BEGIN Materials provided

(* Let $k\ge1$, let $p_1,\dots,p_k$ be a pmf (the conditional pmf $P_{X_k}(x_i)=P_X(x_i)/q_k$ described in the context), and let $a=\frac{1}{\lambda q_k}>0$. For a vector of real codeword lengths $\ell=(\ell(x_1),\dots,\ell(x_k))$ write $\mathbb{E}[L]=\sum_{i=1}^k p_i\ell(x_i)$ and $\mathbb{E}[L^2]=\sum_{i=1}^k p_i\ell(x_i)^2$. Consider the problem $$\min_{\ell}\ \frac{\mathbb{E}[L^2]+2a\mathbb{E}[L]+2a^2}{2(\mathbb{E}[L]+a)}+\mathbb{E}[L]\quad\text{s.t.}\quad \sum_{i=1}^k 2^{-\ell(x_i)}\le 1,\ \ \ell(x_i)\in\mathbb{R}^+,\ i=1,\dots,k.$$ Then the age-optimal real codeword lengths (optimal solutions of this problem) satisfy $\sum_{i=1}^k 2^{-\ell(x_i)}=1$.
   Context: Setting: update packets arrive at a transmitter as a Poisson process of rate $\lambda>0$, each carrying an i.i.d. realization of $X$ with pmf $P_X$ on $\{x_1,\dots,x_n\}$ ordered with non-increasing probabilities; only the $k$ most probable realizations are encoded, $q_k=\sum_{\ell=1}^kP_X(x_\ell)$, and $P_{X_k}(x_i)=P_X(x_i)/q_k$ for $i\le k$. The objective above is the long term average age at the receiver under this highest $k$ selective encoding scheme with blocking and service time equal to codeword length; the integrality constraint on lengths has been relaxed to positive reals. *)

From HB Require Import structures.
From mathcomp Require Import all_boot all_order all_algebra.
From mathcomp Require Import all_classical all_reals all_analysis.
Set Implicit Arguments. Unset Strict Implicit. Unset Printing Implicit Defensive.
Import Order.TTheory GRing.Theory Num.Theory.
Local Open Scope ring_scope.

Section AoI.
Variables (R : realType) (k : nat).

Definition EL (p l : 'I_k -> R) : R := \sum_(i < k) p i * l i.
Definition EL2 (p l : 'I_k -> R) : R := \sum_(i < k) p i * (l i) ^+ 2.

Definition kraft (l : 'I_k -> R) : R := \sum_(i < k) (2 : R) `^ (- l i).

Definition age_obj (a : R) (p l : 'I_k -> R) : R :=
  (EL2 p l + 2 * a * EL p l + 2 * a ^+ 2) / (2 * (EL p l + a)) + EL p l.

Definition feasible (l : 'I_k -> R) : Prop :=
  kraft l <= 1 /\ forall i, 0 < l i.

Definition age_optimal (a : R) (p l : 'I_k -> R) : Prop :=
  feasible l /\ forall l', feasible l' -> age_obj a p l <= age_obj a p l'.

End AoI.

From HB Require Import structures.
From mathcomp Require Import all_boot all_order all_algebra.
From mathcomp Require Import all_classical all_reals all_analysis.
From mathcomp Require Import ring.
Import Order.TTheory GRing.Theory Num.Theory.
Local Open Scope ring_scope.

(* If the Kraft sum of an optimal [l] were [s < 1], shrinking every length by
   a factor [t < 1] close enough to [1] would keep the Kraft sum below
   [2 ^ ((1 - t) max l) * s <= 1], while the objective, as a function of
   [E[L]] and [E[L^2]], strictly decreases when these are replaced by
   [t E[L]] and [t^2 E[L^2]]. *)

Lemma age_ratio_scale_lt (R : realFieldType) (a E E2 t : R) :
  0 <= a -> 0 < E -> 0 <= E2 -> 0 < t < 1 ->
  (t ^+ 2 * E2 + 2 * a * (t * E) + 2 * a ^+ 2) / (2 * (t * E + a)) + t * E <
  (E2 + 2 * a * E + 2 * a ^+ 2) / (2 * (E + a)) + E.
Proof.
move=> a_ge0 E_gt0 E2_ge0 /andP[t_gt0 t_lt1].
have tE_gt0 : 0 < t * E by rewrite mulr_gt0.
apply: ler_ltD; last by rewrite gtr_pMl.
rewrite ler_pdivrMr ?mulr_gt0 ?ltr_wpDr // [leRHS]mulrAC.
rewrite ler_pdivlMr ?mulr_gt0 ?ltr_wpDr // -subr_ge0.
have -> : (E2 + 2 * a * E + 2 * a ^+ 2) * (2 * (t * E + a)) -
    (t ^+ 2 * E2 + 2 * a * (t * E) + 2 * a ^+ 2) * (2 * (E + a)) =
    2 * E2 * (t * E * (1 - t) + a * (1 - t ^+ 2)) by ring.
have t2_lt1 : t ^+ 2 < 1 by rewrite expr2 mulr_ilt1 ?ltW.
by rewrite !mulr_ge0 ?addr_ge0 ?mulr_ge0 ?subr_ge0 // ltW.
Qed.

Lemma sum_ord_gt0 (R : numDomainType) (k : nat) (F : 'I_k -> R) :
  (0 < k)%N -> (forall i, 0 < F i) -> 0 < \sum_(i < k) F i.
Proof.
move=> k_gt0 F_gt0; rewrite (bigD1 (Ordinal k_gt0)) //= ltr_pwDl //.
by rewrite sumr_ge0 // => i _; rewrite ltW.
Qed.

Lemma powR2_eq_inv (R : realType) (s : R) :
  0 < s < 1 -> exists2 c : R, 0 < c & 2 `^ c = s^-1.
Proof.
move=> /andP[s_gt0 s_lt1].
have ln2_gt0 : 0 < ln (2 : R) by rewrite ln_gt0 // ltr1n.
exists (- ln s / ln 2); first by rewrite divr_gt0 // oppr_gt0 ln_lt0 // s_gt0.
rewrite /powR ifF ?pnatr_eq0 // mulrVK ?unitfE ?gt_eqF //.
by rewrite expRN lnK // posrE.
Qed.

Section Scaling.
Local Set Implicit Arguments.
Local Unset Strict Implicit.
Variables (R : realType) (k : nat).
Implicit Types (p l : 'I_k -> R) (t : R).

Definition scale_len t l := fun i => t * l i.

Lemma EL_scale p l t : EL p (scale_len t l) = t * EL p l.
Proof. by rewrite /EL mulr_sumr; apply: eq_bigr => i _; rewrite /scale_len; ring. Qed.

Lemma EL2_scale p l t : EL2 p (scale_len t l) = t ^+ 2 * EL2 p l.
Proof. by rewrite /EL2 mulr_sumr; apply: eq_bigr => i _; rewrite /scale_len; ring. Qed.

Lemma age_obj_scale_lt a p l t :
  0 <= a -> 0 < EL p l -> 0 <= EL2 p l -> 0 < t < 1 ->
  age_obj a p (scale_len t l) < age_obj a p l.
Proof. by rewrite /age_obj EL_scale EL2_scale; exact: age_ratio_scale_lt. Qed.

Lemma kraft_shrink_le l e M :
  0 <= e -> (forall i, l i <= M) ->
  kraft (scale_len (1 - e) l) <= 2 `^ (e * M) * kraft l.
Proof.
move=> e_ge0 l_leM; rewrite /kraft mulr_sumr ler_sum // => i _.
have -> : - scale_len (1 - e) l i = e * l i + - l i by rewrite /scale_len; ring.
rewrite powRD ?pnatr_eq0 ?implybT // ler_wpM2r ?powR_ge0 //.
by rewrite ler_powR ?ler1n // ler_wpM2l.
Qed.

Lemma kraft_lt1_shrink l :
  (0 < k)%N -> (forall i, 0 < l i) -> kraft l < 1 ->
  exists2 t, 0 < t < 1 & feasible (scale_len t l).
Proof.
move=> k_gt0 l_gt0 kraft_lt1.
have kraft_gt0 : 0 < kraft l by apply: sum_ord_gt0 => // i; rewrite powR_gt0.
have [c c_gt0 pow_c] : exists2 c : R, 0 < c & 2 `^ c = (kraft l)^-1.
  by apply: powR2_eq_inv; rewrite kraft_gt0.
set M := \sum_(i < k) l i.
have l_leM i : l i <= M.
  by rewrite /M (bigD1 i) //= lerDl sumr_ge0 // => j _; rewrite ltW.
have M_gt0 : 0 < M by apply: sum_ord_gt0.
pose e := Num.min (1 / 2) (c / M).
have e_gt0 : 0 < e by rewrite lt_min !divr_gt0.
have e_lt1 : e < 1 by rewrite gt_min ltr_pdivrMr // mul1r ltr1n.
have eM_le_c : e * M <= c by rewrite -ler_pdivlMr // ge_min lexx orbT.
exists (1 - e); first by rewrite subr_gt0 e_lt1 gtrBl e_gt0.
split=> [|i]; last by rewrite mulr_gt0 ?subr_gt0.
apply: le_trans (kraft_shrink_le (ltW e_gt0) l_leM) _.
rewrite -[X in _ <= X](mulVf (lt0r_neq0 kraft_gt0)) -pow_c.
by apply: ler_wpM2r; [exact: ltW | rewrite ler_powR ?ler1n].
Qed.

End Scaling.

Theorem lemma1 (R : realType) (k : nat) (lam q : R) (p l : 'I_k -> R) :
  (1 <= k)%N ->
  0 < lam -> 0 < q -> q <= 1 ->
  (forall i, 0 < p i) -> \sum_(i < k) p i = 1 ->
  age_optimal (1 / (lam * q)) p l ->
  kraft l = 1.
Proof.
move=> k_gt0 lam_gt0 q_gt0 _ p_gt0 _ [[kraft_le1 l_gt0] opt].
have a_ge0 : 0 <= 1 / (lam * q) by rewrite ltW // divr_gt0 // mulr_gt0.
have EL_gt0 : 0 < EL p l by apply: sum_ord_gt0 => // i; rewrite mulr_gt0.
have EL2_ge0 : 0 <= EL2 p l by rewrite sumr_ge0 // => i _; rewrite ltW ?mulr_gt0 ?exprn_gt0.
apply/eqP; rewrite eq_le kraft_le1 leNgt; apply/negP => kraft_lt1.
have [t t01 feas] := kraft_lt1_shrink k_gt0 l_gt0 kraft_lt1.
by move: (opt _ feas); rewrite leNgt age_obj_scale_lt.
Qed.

END Materials provided
BEGIN Materials provided

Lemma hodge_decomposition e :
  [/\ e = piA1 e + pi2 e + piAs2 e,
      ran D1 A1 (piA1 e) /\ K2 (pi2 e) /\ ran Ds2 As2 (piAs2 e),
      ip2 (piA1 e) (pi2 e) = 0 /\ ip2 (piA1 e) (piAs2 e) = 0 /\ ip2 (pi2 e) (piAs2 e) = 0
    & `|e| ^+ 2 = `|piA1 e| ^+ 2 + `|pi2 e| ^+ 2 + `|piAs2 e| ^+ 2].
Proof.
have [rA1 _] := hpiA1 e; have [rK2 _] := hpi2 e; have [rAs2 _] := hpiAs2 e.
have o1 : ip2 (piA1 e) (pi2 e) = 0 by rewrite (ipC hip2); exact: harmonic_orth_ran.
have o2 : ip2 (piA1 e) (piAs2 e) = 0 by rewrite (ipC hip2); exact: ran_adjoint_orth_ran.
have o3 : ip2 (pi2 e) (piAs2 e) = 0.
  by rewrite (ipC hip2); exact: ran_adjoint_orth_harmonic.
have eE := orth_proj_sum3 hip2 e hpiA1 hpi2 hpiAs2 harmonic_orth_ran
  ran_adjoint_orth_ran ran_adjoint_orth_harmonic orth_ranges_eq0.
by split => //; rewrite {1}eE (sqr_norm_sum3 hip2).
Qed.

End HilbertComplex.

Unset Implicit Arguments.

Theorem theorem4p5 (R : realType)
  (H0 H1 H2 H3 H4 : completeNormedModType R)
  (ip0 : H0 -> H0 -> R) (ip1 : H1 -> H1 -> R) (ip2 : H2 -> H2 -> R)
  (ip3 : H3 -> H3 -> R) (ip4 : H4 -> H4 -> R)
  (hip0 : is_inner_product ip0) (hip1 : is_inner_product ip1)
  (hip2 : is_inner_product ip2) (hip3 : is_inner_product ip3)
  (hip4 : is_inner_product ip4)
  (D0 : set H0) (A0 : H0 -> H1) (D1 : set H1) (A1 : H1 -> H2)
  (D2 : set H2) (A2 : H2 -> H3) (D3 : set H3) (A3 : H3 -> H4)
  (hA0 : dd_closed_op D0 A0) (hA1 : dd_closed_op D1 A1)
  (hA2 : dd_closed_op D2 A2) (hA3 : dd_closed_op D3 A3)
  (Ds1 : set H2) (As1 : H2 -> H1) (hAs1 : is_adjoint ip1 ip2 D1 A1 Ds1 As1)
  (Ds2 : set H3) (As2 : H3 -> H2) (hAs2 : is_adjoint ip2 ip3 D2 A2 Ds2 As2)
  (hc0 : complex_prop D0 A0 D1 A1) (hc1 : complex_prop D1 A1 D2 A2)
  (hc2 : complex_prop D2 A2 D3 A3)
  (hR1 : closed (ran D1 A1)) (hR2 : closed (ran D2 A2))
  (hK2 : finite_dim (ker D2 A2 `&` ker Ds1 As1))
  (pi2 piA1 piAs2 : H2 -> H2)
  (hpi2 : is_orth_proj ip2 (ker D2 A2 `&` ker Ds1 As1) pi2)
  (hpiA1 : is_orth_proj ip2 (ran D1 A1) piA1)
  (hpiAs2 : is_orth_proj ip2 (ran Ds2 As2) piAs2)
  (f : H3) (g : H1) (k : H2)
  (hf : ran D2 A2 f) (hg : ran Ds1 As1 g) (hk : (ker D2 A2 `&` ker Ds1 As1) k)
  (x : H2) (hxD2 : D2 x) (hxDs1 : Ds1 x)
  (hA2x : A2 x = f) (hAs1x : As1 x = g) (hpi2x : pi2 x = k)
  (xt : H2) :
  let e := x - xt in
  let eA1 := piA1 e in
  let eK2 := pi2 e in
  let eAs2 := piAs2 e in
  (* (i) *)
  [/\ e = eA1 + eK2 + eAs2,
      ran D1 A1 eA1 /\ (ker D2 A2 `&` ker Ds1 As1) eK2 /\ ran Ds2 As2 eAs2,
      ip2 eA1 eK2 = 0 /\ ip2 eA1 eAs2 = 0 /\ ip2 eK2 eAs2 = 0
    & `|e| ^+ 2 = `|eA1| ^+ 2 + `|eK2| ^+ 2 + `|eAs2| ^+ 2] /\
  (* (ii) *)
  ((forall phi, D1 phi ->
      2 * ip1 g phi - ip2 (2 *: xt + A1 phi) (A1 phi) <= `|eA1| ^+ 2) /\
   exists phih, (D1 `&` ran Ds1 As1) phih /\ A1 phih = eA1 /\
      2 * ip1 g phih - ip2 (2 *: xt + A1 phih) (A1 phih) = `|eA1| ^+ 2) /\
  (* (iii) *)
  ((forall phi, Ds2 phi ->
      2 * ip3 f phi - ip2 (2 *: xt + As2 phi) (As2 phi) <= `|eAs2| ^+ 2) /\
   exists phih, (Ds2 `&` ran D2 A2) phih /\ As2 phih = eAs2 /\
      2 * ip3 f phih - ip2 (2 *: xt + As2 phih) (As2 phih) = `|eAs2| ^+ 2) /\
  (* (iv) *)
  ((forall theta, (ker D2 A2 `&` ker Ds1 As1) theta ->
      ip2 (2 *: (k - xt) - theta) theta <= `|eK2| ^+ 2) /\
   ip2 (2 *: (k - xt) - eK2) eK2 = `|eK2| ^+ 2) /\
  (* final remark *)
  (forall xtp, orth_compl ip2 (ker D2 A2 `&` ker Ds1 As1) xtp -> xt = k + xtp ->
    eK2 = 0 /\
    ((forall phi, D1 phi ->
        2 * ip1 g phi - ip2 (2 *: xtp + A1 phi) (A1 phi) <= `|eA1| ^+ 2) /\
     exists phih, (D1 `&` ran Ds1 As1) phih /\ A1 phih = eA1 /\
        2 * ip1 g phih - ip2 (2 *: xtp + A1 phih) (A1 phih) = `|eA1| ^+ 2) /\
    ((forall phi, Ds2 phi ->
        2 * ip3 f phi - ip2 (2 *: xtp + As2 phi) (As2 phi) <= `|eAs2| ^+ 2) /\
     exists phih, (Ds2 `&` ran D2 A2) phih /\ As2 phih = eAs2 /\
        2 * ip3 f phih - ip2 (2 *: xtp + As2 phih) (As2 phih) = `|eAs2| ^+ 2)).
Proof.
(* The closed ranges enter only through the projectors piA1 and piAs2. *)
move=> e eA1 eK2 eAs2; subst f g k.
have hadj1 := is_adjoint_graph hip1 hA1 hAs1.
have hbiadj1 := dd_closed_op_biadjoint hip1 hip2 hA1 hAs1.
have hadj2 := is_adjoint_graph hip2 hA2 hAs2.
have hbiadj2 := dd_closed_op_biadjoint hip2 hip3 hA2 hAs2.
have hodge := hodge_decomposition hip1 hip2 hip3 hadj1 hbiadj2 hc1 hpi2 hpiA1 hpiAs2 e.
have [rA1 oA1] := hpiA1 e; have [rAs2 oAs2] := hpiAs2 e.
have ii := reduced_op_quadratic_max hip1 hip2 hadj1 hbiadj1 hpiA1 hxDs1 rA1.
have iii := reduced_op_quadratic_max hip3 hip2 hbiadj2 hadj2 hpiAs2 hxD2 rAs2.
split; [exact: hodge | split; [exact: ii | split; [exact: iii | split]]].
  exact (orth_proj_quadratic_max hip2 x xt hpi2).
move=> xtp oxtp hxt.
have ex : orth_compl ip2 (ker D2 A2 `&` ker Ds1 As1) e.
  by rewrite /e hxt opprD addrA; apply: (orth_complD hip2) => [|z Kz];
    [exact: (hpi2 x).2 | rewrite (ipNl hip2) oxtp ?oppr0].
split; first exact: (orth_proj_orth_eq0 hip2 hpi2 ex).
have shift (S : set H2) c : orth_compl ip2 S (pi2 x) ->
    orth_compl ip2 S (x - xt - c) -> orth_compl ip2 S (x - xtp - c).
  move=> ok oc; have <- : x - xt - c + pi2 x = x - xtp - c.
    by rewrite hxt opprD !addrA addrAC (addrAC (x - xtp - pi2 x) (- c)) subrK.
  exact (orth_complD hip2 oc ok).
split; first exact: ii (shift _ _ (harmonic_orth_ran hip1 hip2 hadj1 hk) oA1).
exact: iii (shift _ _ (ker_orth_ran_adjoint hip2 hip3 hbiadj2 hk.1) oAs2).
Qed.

END Materials provided

| Action item |
Your task is to copy each line of the data above that holds "oxtp".

| Result for this exercise |
move=> xtp oxtp hxt.
    [exact: (hpi2 x).2 | rewrite (ipNl hip2) oxtp ?oppr0].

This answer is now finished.